Jason remembered Chase’s comment, which led him to believe Sue hadn’t slept with the man. Jason hadn’t believed it. Not when Chase said they’d been dating for almost a month. Men didn’t see a woman as sexy as Sue for a month without taking things further. Hell, he himself had been with her for less than a day and he had zipper burns.
Sue licked her lips. “I would have shared.”
She was talking about the dessert, but his mind stayed wrapped around the idea of her and the doctor. He didn’t want to share Sue—didn’t want to think about her sharing anything with another man. That instant possessiveness, not an emotion Jason usually experienced, rattled around his chest.
“Are we going inside?” she asked.
He watched her pull a lipstick from her purse and smooth some over her lips. A suggestion sprang to mind: “Or we could stay in the car and make out.”
“You’re crazy,” she said.
“About you,” he countered, realizing it was true. And that scared him, too.
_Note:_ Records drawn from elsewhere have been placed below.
Lemma fibre_card_C_le1 u : fibre_card C u <= 1.
Proof.
rewrite leqNgt; apply/negP => C2u; have [[y j] Dyj] := D_nonempty.
have D1y : 0 < fibre_card D y by apply/fibre_card_gt0P; exists j.
have thin_ge : min_degree e <= #|thin|.
  by rewrite -kappa_eq vertex_connectivity_le // (sep_set_thin C2u D1y).
have D0u : u \in [set v | fibre_card D v == 0].
  rewrite inE -leqn0 leqNgt; apply/negP => /fibre_card_gt0P[k /fibre_card_C_le1_of_D].
  by rewrite leqNgt C2u.
have D0y : y \notin [set v | fibre_card D v == 0] by rewrite inE -lt0n.
have [w [z [D0w D1z ewz]]] := connected_boundary_edge conn_e D0u D0y.
rewrite inE in D0w; rewrite inE -lt0n in D1z; move/eqP: D0w => D0w.
have S1z := fibre_card_S_gt0_boundary n_gt2 D0w ewz D1z.
have thin_z : z \notin thin by rewrite inE (negPf (lt0n_neq0 D1z)).
have S_thin v : v \in thin -> n - 1 <= fibre_card S v.
  by rewrite inE => /andP[/eqP D0v C1v]; move: (fibre_card_SCD v); rewrite D0v; lia.
have := sum_fibre_card_le S (z |: thin); rewrite big_setU1 //=.
have : \sum_(v in thin) (n - 1) <= \sum_(v in thin) fibre_card S v by exact: leq_sum.
rewrite sum_nat_const card_S mulnC; have := leq_mul thin_ge (leqnn (n - 1)); lia.
Qed.
End BigFibre.

Section SmallFibres.
Hypothesis C_le1 : forall u, fibre_card C u <= 1.
Hypothesis D_le1 : forall u, fibre_card D u <= 1.

Definition mixed : {set T} := [set u | (0 < fibre_card C u) && (0 < fibre_card D u)].

Lemma fibre_card_S_mixed u : fibre_card S u + 2 = n + (u \notin mixed).
Proof.
move: (fibre_card_SCD u) (fibre_card_CD_gt0 u) (C_le1 u) (D_le1 u); rewrite inE.
move: (fibre_card S u) => k.
by case: (fibre_card C u) => [|[|//]]; case: (fibre_card D u) => [|[|//]] //= <-; rewrite -addnA.
Qed.
(* Tile $\mathbb{R}^2$ by the closed unit squares $\{S_k\}_{k\ge 0}$ of the integer-translated grid whose centres are the points of $\mathbb{Z}^2$, with $S_0$ the square centred at the origin. Each square is either occupied or vacant. Let $C(0)$ be the occupied star-connected component containing $S_0$, and suppose $C(0)$ is finite. Let $G_C$ be the graph whose vertices are the corners of the squares of $C(0)$ and whose edges are the sides of the squares of $C(0)$, and let $\partial_0$ be the outermost boundary of $C(0)$, i.e. the set of edges $e$ of $G_C$ such that for every cycle $C$ in $G_C$, either $e$ is an edge of $C$ or $e$ lies in the exterior of $C$. Then $\partial_0$ is (the edge set of) a unique set of cycles $C_1,\dots,C_n$ in $G_C$ with the following properties: (i) the graph $\bigcup_{1\le i\le n} C_i$ is a connected subgraph of $G_C$; (ii) if $i\neq j$, the cycles $C_i$ and $C_j$ have disjoint interiors and share at most one vertex; (iii) every square $S_k\in C(0)$ is contained in the interior of some cycle $C_j$; (iv) if $e\in C_j$ for some $j$, then $e$ is a boundary edge of $C(0)$, adjacent to an occupied square of $C(0)$ lying in the interior of $C_j$ and adjacent to a vacant square lying in the exterior of $C_j$. Moreover, there exists a circuit $C_{out}$ containing every edge of $\bigcup_{1\le i\le n} C_i$.
   Context: Two squares are star-adjacent (adjacent) if they share a corner, and plus-adjacent if they share an edge. $C(0)$ is empty if $S_0$ is vacant; otherwise it is the set of occupied squares $S$ such that there is a sequence of distinct occupied squares $S_0=Y_1,\dots,Y_t=S$ with $Y_i$ star-adjacent to $Y_{i+1}$ for all $i$. An edge $e$ is adjacent to a square if it is one of the sides of that square; $e$ is a boundary edge if it is adjacent to one vacant and one occupied square. A path is a sequence of distinct vertices with consecutive ones joined by an edge; a cycle is a sequence of distinct vertices $(v_0,\dots,v_m,v_0)$ with consecutive vertices (including $v_m,v_0$) joined by edges; a circuit is a closed sequence of vertices $(w_0,\dots,w_r,w_0)$ with consecutive vertices joined by edges and no edge repeated (vertices may repeat). A cycle divides the plane into two connected regions: the bounded one is its interior, the unbounded one its exterior. *)

From Stdlib Require Import ZArith List Relations Arith.
Import ListNotations.
Open Scope Z_scope.

(* Square [c] is the closed unit square centred at [c];
   its corners are the points c + (+-1/2, +-1/2).  We label the corner
   c - (1/2,1/2) by the integer vertex [c], so the corners of square [c]
   are the vertices c, c+(1,0), c+(0,1), c+(1,1). *)
Definition pt := (Z * Z)%type.
Definition origin : pt := (0, 0).

(* An edge (unit side) of the grid: (p, true) joins p and p+(1,0),
   (p, false) joins p and p+(0,1).  Each grid edge has exactly one name. *)
Definition edge := (pt * bool)%type.

Definition ends (e : edge) : pt * pt :=
  match e with
  | (p, true) => (p, (fst p + 1, snd p))
  | (p, false) => (p, (fst p, snd p + 1))
  end.

Definition joins (e : edge) (u v : pt) : Prop :=
  (u = fst (ends e) /\ v = snd (ends e)) \/ (u = snd (ends e) /\ v = fst (ends e)).

Definition side_of (e : edge) (c : pt) : Prop :=
  match e with
  | (p, true) => p = c \/ p = (fst c, snd c + 1)
  | (p, false) => p = c \/ p = (fst c + 1, snd c)
  end.

Definition corner (v c : pt) : Prop :=
  v = c \/ v = (fst c + 1, snd c) \/ v = (fst c, snd c + 1)
  \/ v = (fst c + 1, snd c + 1).

Definition star_adj (a b : pt) : Prop :=
  a <> b /\ Z.abs (fst a - fst b) <= 1 /\ Z.abs (snd a - snd b) <= 1.

Fixpoint chain {A : Type} (R : A -> A -> Prop) (l : list A) : Prop :=
  match l with
  | x :: ((y :: _) as t) => R x y /\ chain R t
  | _ => True
  end.

(* C(0): squares S reachable from S_0 by a sequence of distinct occupied,
   consecutively star-adjacent squares (empty if S_0 is vacant). *)
Definition C0 (occ : pt -> Prop) (s : pt) : Prop :=
  exists Y : list pt,
    NoDup (origin :: Y) /\ Forall occ (origin :: Y) /\
    chain star_adj (origin :: Y) /\ last (origin :: Y) origin = s.

Definition finite_set {A : Type} (P : A -> Prop) : Prop :=
  exists l : list A, forall x, P x -> In x l.

Definition GC_vertex (occ : pt -> Prop) (v : pt) : Prop :=
  exists c, C0 occ c /\ corner v c.
Definition GC_edge (occ : pt -> Prop) (e : edge) : Prop :=
  exists c, C0 occ c /\ side_of e c.

Definition boundary_edge (occ : pt -> Prop) (e : edge) : Prop :=
  exists c1 c2, side_of e c1 /\ side_of e c2 /\ occ c1 /\ ~ occ c2.

Definition nxt (n i : nat) : nat := Nat.modulo (S i) n.

(* A cycle (v_0,...,v_m,v_0) of G_C, given as the list [v_0;...;v_m] of
   distinct vertices, m >= 2, consecutive ones (cyclically) joined by an
   edge of G_C. *)
Definition is_cycle (occ : pt -> Prop) (C : list pt) : Prop :=
  (3 <= length C)%nat /\ NoDup C /\
  forall i, (i < length C)%nat ->
    exists e, GC_edge occ e /\
      joins e (nth i C origin) (nth (nxt (length C) i) C origin).

Definition cycle_edge (C : list pt) (e : edge) : Prop :=
  exists i, (i < length C)%nat /\
    joins e (nth i C origin) (nth (nxt (length C) i) C origin).

(* ---- Interior / exterior of a cycle ----
   The plane is decomposed into the cells of the grid: open unit squares,
   open unit edges and vertices.  A cycle is a union of closed edges, so its
   complement is the union of the cells not lying on it, and two such cells
   lie in the same connected component of the complement iff they are
   joined by a chain of incident cells off the cycle.  The interior is the
   bounded component (made of finitely many cells), the exterior the
   unbounded one. *)
Inductive cell : Type :=
| Sq : pt -> cell
| Ed : edge -> cell
| Vx : pt -> cell.

Definition incident (x y : cell) : Prop :=
  match x, y with
  | Sq c, Ed e => side_of e c
  | Ed e, Sq c => side_of e c
  | Ed e, Vx v => v = fst (ends e) \/ v = snd (ends e)
  | Vx v, Ed e => v = fst (ends e) \/ v = snd (ends e)
  | _, _ => False
  end.

Definition off_cycle (C : list pt) (x : cell) : Prop :=
  match x with
  | Sq _ => True
  | Ed e => ~ cycle_edge C e
  | Vx v => ~ In v C
  end.

Definition same_component (C : list pt) : cell -> cell -> Prop :=
  clos_refl_trans cell
    (fun x y => off_cycle C x /\ off_cycle C y /\ incident x y).

Definition in_interior (C : list pt) (x : cell) : Prop :=
  off_cycle C x /\ finite_set (same_component C x).

Definition in_exterior (C : list pt) (x : cell) : Prop :=
  off_cycle C x /\ ~ finite_set (same_component C x).

Definition outer_boundary (occ : pt -> Prop) (e : edge) : Prop :=
  GC_edge occ e /\
  forall C, is_cycle occ C -> cycle_edge C e \/ in_exterior C (Ed e).

Definition union_edge (Cs : list (list pt)) (e : edge) : Prop :=
  exists C, In C Cs /\ cycle_edge C e.
Definition union_vertex (Cs : list (list pt)) (v : pt) : Prop :=
  exists C, In C Cs /\ In v C.

Definition union_connected (Cs : list (list pt)) : Prop :=
  forall u v, union_vertex Cs u -> union_vertex Cs v ->
    exists ws : list pt, NoDup (u :: ws) /\
      chain (fun a b => exists e, union_edge Cs e /\ joins e a b) (u :: ws) /\
      last (u :: ws) u = v.

Definition good_family (occ : pt -> Prop) (Cs : list (list pt)) : Prop :=
  (forall C, In C Cs -> is_cycle occ C) /\
  (forall e, union_edge Cs e <-> outer_boundary occ e) /\
  union_connected Cs /\
  (forall i j, (i < length Cs)%nat -> (j < length Cs)%nat -> i <> j ->
     (forall x, ~ (in_interior (nth i Cs []) x /\ in_interior (nth j Cs []) x)) /\
     (forall u v, In u (nth i Cs []) -> In u (nth j Cs []) ->
                  In v (nth i Cs []) -> In v (nth j Cs []) -> u = v)) /\
  (forall k, C0 occ k -> exists C, In C Cs /\ in_interior C (Sq k)) /\
  (forall C e, In C Cs -> cycle_edge C e ->
     boundary_edge occ e /\
     (exists c, side_of e c /\ C0 occ c /\ in_interior C (Sq c)) /\
     (exists c, side_of e c /\ ~ occ c /\ in_exterior C (Sq c))).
Sue opened the car door and popped out.
Jason stepped out his door, and his gaze focused on her denim-covered bottom again. There wasn’t a man alive who could date her for a month without…
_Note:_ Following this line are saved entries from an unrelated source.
(* In the linear deterministic diamond network with a disturbing node with gains $n_1,n_2,n_3,n_4,m$, suppose $n_1>n_2$, $n_3\ge n_4$ and $m\le n_1$. Then the linear capacity is $$C=\min\big(n_1-m+\min(m,n_4),\ n_3\big).$$
   Context: The shift matrix $Q$ is the $q\times q$ matrix over $\mathbb{F}_2$ with $Q_{i+1,i}=1$ for $1\le i\le q-1$ and all other entries $0$, where $q=\max(n_1,n_2,n_3,n_4,m)$ and all gains are nonnegative integers. Network: source $S$, relays $A,B$, destination $D$, disturbing node $M$; gains $n_1$ ($S\to A$), $n_2$ ($S\to B$), $n_3$ ($A\to D$), $n_4$ ($B\to D$), $m$ ($M\to A$ and $M\to B$). Each node transmits $x_i\in\mathbb{F}_2^q$ and receives $y_j=\sum_{k:(k,j)\text{ an edge}}Q^{q-n_{(k,j)}}x_k$; relays use linear maps $x_A=G_Ay_A$, $x_B=G_By_B$ with $G_A,G_B$ arbitrary $q\times q$ matrices over $\mathbb{F}_2$. Then $y_D=G_Sx_S+G_Mx_M$ with $G_S=Q^{q-n_3}G_AQ^{q-n_1}+Q^{q-n_4}G_BQ^{q-n_2}$ and $G_M=Q^{q-n_3}G_AQ^{q-m}+Q^{q-n_4}G_BQ^{q-m}$. The rate $R(G_A,G_B)$ is the maximum dimension of a subspace $\mathcal{X}\subseteq\mathbb{F}_2^q$ such that for all $x_S,x_S'\in\mathcal{X}$, $x_M,x_M'\in\mathbb{F}_2^q$, $G_Sx_S+G_Mx_M=G_Sx_S'+G_Mx_M'$ implies $x_S=x_S'$. The linear capacity is $C=\max_{G_A,G_B}R(G_A,G_B)$. *)

From mathcomp Require Import all_boot all_order all_algebra.
Set Implicit Arguments. Unset Strict Implicit. Unset Printing Implicit Defensive.
Import GRing.Theory.
Local Open Scope ring_scope.
Lemma sball_mul ps x y e : (forall p, List.In p ps -> F p) -> 0 < e ->
  exists2 d, 0 < d & forall a b, sball ps x d a -> sball ps y d b ->
    sball ps (rmul x y) e (rmul a b).
Proof.
move=> Fps e_gt0; have [d d_gt0 hd] : exists2 d, 0 < d & forall p, List.In p ps -> forall a b,
    p (rsub a x) < d -> p (rsub b y) < d -> p (rsub (rmul a b) (rmul x y)) < e.
  apply: list_pos_min => [p d d' _ d'd hd a b ha hb|p hp].
    by apply: hd; apply: lt_le_trans d'd.
  have sp := F_seminorm (Fps p hp); have p_ge0 := seminorm_ge0 H sp.
  have [d d_gt0 hd] := small_factor (addr_ge0 (p_ge0 x) (p_ge0 y)) e_gt0.
  exists d => // a b ha hb; apply: le_lt_trans (seminorm_subM H sp a b x y) _.
  have pb : p b <= p y + d by have := seminorm_distD H sp rzero y b; rewrite !(rsub0 H); lra.
  have := p_ge0 (rsub a x); have := p_ge0 (rsub b y); have := p_ge0 x; have := p_ge0 b.
  by nra.
by exists d => // a b ha hb p hp; apply: hd => //; [apply: ha|apply: hb].
Qed.

Section GeneratedTopology.
Hypothesis openE : forall U, ropen U <-> seminorm_open F U.

Lemma cont2_of_sball (op : A -> A -> A) :
  (forall ps x y e, (forall p, List.In p ps -> F p) -> 0 < e ->
    exists2 d, 0 < d & forall a b, sball ps x d a -> sball ps y d b ->
      sball ps (op x y) e (op a b)) ->
  cont2 (@ropen A) (@ropen A) (@ropen A) op.
Proof.
move=> op_ball W /openE openW [x y] /= Wxy; have [ps [e [e_gt0 [Fps ballW]]]] := openW _ Wxy.
have [d d_gt0 hd] := op_ball ps x y e Fps e_gt0.
exists (sball ps x d), (sball ps y d).
do 4?split; try by [apply/openE; apply: sball_open|apply: sball_center].
by move=> a b ha hb; apply: ballW; apply: hd.
Qed.

Lemma cont1_of_sball (op : A -> A) :
  (forall p, F p -> forall x y, p (rsub (op y) (op x)) = p (rsub y x)) ->
  cont1 (@ropen A) (@ropen A) op.
Proof.
move=> op_iso W /openE openW; apply/openE => x Wx.
have [ps [e [e_gt0 [Fps ballW]]]] := openW _ Wx.
exists ps, e; do 2!split => //; move=> y hy; apply: ballW => p hp.
by rewrite op_iso; [apply: hy|apply: Fps].
Qed.

Lemma tsa_of_seminorm_topology : is_tsa A.
Proof.
have [T1 [T2 [T3 T4]]] := seminorm_topology F.
split => //; split.
  split; first by apply/openE.
  split; first by apply/openE.
  split; first by move=> U V /openE openU /openE openV; apply/openE; apply: T3.
  by move=> G openG; apply/openE; apply: T4 => U /openG /openE.
split; first exact: cont2_of_sball sball_add.
split; first exact: cont2_of_sball sball_mul.
split; apply: cont1_of_sball => p Fp x y.
  by rewrite (rsubN H) (seminormN H (F_seminorm Fp)).
by rewrite (rsub_star H) (seminorm_star (F_seminorm Fp)).
Qed.

End GeneratedTopology.

End SeminormTopology.

Lemma cstarP (A : raw) (S : A -> Prop) (x : A) : is_star_alg A -> is_topology (@ropen A) ->
  cstar S x <-> (forall p e, NA p -> 0 < e -> exists2 s, S s & p (rsub s x) < e).
Proof.
move=> H T; apply: closure_directedP => //; last exact: NA_directed.
by move=> p; apply: NA_star_seminorm.
Qed.

Lemma star_open_generated (A : raw) (F : (A -> RR) -> Prop) : is_star_alg A ->
  (forall p, F p -> NA p) -> (forall U, ropen U <-> seminorm_open F U) ->
  forall U, star_open U <-> seminorm_open F U.
Proof.
move=> H F_NA openE U; split=> [openU x Ux|openU x Ux]; last first.
  have [ps [e [e_gt0 [Fps ballU]]]] := openU x Ux.
  by exists ps, e; split => //; split => // p /Fps /F_NA.
have F_seminorm p : F p -> is_star_seminorm p by move/F_NA; apply: NA_star_seminorm.
have [_ [T _]] := tsa_of_seminorm_topology H F_seminorm openE.
have [q [e [NAq e_gt0 qU]]] := seminorm_open_ball (NA_directed H T) openU Ux.
have [ps [d [d_gt0 Fps qd]]] := cont_seminorm_bound H (fun U => proj1 (openE U))
  (NA_star_seminorm H NAq) NAq.2 e_gt0.
by exists ps, d; split => //; split => // y hy; apply: qU; apply: qd.
Qed.

(** * Homomorphisms and products *)

Lemma tsa_star_alg (A : raw) : is_tsa A -> is_star_alg A.
Proof. by case. Qed.
Lemma tsa_topology (A : raw) : is_tsa A -> is_topology (@ropen A).
Proof. by case=> _ []. Qed.

Lemma prod_star_alg (A B : raw) :
  is_star_alg A -> is_star_alg B -> is_star_alg (prod_raw A B).
Proof.
move=> HA HB.
split; first by move=> [? ?] [? ?] [? ?] /=; rewrite (raddA HA) (raddA HB).
split; first by move=> [? ?] [? ?] /=; rewrite (raddC HA) (raddC HB).
split; first by move=> [? ?] /=; rewrite (radd0 HA) (radd0 HB).
split; first by move=> [? ?] /=; rewrite (raddN HA) (raddN HB).
split; first by move=> ? [? ?] [? ?] /=; rewrite (rscalDr HA) (rscalDr HB).
split; first by move=> ? ? [? ?] /=; rewrite (rscalDl HA) (rscalDl HB).
split; first by move=> ? ? [? ?] /=; rewrite (rscalA HA) (rscalA HB).
split; first by move=> [? ?] /=; rewrite (rscal1 HA) (rscal1 HB).
split; first by move=> [? ?] [? ?] [? ?] /=; rewrite (rmulA HA) (rmulA HB).
split; first by move=> [? ?] [? ?] [? ?] /=; rewrite (rmulDr HA) (rmulDr HB).
split; first by move=> [? ?] [? ?] [? ?] /=; rewrite (rmulDl HA) (rmulDl HB).
split; first by move=> ? [? ?] [? ?] /=; rewrite (rscalAl HA) (rscalAl HB).
split; first by move=> ? [? ?] [? ?] /=; rewrite (rscalAr HA) (rscalAr HB).
split; first by move=> [? ?] /=; rewrite (rstarK HA) (rstarK HB).
split; first by move=> [? ?] [? ?] /=; rewrite (rstarD HA) (rstarD HB).
split; first by move=> ? [? ?] /=; rewrite (rstarZ HA) (rstarZ HB).
by move=> [? ?] [? ?] /=; rewrite (rstarM HA) (rstarM HB).
Qed.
He walked around to her side and locked her door.
“Sorry,” she said. “I’m not used to manual locks.”
And he wasn’t used to having to work so hard to win a woman’s affection. Which could mean she hadn’t slept with the doc, right?
But what had she meant by that “not settling” comment? And why had she lumped him in the same category as the foot doctor?
He guided her across the parking lot. Walking inside the store, he got that odd feeling of being…He spun around and stared out the glass doors. The gold Saturn sat outside the entrance.
“Wait here!” He bolted outside. Before his foot hit the pavement, the car spun off and skidded back onto the street.
“Fuck!” He reached for his phone only to realize it was in his car and out of juice. Turning around, he slammed right into Sue.
“Is that who was following us?” she asked.
He latched onto her elbow and hurried her into the store. “I told you to wait inside.”
“I never was good at taking orders,” she said. “You didn’t answer my question. Do you think they were following us?”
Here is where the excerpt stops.